Start of GIVEN DATA

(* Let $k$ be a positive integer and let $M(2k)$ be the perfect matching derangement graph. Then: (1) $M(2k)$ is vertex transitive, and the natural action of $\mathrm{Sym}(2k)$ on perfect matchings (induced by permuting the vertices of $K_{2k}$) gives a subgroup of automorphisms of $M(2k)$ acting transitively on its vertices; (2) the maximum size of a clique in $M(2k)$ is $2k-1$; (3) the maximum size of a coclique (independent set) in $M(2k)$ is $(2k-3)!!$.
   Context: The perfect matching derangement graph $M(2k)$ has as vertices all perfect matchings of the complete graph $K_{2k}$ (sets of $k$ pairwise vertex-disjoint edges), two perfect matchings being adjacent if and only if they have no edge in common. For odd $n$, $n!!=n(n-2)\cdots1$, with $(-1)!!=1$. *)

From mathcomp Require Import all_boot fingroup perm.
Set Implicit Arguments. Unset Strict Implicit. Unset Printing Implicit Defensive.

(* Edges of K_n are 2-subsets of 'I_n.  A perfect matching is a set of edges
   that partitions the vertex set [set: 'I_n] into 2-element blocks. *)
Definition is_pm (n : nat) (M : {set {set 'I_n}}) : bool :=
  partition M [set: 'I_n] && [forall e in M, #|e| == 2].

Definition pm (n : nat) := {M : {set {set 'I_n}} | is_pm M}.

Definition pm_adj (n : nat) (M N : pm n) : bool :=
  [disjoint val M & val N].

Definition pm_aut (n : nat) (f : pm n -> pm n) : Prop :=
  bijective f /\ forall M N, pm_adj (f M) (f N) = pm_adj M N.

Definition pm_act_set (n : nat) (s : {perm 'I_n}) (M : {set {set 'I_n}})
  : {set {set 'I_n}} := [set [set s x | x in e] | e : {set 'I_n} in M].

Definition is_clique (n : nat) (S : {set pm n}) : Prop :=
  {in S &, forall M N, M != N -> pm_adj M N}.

End of GIVEN DATA
Start of GIVEN DATA

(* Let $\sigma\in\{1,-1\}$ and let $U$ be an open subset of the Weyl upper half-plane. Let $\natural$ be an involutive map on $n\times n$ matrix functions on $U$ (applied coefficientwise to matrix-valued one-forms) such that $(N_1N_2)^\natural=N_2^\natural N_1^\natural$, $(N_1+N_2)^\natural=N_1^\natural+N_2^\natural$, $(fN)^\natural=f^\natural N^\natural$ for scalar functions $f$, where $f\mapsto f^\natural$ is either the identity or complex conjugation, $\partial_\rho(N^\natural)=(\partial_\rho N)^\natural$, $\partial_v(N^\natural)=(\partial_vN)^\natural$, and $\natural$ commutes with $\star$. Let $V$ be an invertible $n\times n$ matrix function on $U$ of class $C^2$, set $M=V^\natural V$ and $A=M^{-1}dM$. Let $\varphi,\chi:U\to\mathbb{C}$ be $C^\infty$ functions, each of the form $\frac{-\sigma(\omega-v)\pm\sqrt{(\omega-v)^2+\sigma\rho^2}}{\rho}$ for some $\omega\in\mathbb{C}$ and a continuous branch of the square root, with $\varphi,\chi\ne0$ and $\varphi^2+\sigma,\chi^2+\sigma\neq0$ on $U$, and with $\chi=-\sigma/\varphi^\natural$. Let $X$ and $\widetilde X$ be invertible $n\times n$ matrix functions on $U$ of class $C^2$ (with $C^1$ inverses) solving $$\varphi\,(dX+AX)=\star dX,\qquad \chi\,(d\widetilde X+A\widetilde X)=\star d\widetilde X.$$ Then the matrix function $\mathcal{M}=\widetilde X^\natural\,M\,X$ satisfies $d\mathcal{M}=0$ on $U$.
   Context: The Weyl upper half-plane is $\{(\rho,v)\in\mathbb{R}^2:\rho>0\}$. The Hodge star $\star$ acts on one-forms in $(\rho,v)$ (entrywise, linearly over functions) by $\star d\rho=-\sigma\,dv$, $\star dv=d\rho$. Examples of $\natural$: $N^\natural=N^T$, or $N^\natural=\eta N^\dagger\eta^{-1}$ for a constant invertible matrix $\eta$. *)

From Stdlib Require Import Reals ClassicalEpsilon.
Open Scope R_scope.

End of GIVEN DATA
Start of GIVEN DATA

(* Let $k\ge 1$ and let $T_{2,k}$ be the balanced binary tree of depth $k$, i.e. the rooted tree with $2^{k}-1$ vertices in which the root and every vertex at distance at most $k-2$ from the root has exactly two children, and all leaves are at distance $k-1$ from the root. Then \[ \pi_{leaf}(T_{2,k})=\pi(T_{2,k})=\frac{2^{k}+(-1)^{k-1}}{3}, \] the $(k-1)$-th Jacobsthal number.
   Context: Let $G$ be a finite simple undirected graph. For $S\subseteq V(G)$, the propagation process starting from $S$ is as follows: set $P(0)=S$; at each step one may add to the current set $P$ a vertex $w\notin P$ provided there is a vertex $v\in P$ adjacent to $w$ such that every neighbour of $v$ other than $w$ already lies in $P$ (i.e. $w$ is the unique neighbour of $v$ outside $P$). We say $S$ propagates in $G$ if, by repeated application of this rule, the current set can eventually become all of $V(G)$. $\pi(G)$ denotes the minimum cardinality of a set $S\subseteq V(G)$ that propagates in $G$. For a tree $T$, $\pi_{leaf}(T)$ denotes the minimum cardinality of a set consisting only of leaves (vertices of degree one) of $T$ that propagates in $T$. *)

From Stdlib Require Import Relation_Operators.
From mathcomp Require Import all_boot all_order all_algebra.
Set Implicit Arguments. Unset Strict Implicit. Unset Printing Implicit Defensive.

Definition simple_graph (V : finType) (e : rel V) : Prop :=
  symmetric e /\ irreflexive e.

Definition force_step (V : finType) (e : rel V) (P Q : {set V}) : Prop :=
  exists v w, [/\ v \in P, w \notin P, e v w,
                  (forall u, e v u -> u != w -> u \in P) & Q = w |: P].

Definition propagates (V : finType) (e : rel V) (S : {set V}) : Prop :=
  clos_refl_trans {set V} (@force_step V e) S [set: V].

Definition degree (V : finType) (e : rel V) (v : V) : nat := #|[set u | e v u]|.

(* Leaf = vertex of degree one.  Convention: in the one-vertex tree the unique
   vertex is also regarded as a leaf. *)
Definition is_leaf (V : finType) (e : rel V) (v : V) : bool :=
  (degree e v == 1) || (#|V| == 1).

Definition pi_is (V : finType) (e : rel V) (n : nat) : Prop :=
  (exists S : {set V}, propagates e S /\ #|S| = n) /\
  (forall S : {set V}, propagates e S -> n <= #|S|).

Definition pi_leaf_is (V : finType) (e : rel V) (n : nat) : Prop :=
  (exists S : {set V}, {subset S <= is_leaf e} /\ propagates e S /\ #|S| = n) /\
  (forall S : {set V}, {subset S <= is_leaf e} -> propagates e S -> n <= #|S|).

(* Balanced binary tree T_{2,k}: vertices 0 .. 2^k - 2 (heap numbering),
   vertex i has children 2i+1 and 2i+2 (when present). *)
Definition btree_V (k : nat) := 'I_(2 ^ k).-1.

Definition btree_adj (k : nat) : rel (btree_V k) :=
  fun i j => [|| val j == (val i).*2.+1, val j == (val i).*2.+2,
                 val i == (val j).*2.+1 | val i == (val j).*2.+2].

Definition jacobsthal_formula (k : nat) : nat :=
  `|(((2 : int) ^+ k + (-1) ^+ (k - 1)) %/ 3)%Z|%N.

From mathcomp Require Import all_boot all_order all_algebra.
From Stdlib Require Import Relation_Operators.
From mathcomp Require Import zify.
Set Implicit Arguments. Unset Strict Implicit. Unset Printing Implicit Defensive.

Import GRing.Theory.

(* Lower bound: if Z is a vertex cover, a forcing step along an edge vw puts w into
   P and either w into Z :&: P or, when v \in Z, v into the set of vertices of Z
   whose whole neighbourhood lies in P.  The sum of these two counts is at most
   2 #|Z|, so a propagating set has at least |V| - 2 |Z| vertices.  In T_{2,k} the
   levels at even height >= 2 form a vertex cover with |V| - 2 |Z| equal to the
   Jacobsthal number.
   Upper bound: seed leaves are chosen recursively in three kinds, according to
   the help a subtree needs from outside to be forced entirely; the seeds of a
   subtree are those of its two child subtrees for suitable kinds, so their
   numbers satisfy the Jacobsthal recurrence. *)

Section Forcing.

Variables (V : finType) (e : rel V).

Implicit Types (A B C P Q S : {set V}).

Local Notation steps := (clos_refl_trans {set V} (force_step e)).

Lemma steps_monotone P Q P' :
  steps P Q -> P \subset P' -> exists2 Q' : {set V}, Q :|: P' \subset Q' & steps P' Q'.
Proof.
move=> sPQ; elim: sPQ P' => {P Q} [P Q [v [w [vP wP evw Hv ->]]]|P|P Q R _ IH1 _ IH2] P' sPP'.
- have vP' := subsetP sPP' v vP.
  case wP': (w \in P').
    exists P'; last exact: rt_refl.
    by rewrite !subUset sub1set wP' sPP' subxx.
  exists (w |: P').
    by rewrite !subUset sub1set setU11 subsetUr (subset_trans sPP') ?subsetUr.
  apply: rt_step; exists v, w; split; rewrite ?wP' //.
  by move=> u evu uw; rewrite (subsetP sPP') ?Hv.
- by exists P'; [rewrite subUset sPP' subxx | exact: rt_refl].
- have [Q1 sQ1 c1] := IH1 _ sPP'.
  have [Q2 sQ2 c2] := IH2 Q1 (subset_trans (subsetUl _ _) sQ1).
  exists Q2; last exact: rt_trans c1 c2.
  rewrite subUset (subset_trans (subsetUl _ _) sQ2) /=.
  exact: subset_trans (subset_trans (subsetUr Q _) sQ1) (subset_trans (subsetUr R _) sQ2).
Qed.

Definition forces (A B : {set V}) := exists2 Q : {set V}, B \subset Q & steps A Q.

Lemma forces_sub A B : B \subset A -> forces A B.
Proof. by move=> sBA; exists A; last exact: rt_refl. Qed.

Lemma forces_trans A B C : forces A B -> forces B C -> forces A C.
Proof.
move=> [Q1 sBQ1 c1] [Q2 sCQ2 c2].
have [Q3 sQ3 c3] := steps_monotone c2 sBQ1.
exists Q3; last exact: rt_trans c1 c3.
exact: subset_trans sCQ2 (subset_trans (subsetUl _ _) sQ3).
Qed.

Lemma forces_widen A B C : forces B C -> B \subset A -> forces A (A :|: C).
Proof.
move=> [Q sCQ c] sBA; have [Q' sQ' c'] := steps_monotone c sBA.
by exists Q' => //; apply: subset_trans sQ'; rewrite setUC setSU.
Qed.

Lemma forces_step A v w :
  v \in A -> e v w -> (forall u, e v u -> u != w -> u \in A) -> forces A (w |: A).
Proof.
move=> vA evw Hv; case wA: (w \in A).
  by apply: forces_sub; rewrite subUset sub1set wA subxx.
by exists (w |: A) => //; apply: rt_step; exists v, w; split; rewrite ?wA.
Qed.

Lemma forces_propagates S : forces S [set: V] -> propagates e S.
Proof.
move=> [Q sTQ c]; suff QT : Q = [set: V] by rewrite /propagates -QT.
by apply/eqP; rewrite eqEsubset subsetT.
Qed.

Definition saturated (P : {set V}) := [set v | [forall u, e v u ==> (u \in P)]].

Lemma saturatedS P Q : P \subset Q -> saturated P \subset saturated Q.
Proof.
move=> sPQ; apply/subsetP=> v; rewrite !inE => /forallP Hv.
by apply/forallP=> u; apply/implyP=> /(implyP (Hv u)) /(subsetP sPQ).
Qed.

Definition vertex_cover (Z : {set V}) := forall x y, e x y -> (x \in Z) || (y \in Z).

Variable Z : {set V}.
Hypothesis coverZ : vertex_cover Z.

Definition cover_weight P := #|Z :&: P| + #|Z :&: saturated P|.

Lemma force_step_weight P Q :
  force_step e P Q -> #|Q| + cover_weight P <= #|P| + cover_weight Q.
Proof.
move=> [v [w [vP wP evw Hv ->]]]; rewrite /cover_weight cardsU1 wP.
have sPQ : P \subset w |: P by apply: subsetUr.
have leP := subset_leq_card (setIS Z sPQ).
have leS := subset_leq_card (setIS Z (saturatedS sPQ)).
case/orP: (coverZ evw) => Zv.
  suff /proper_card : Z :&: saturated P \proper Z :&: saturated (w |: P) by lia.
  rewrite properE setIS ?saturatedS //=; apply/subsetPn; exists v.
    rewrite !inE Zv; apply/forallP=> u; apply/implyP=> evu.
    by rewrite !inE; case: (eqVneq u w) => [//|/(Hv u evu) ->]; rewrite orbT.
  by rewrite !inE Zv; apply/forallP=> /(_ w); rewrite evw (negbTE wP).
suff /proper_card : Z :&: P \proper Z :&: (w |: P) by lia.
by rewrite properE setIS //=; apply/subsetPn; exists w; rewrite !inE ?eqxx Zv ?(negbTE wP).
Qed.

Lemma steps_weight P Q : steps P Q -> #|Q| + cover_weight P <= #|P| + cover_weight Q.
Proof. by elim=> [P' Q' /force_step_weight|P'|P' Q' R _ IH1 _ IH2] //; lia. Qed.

End of GIVEN DATA

**TRY IT**
Return the span of lines in the data above that opens at the line with "steps P Q -> P" and closes at the line with "by rewrite !subUset sub1set setU11", exactly, ends included, nothing else.

**SOLUTION FOR THIS TASK**
  steps P Q -> P \subset P' -> exists2 Q' : {set V}, Q :|: P' \subset Q' & steps P' Q'.
Proof.
move=> sPQ; elim: sPQ P' => {P Q} [P Q [v [w [vP wP evw Hv ->]]]|P|P Q R _ IH1 _ IH2] P' sPP'.
- have vP' := subsetP sPP' v vP.
  case wP': (w \in P').
    exists P'; last exact: rt_refl.
    by rewrite !subUset sub1set wP' sPP' subxx.
  exists (w |: P').
    by rewrite !subUset sub1set setU11 subsetUr (subset_trans sPP') ?subsetUr.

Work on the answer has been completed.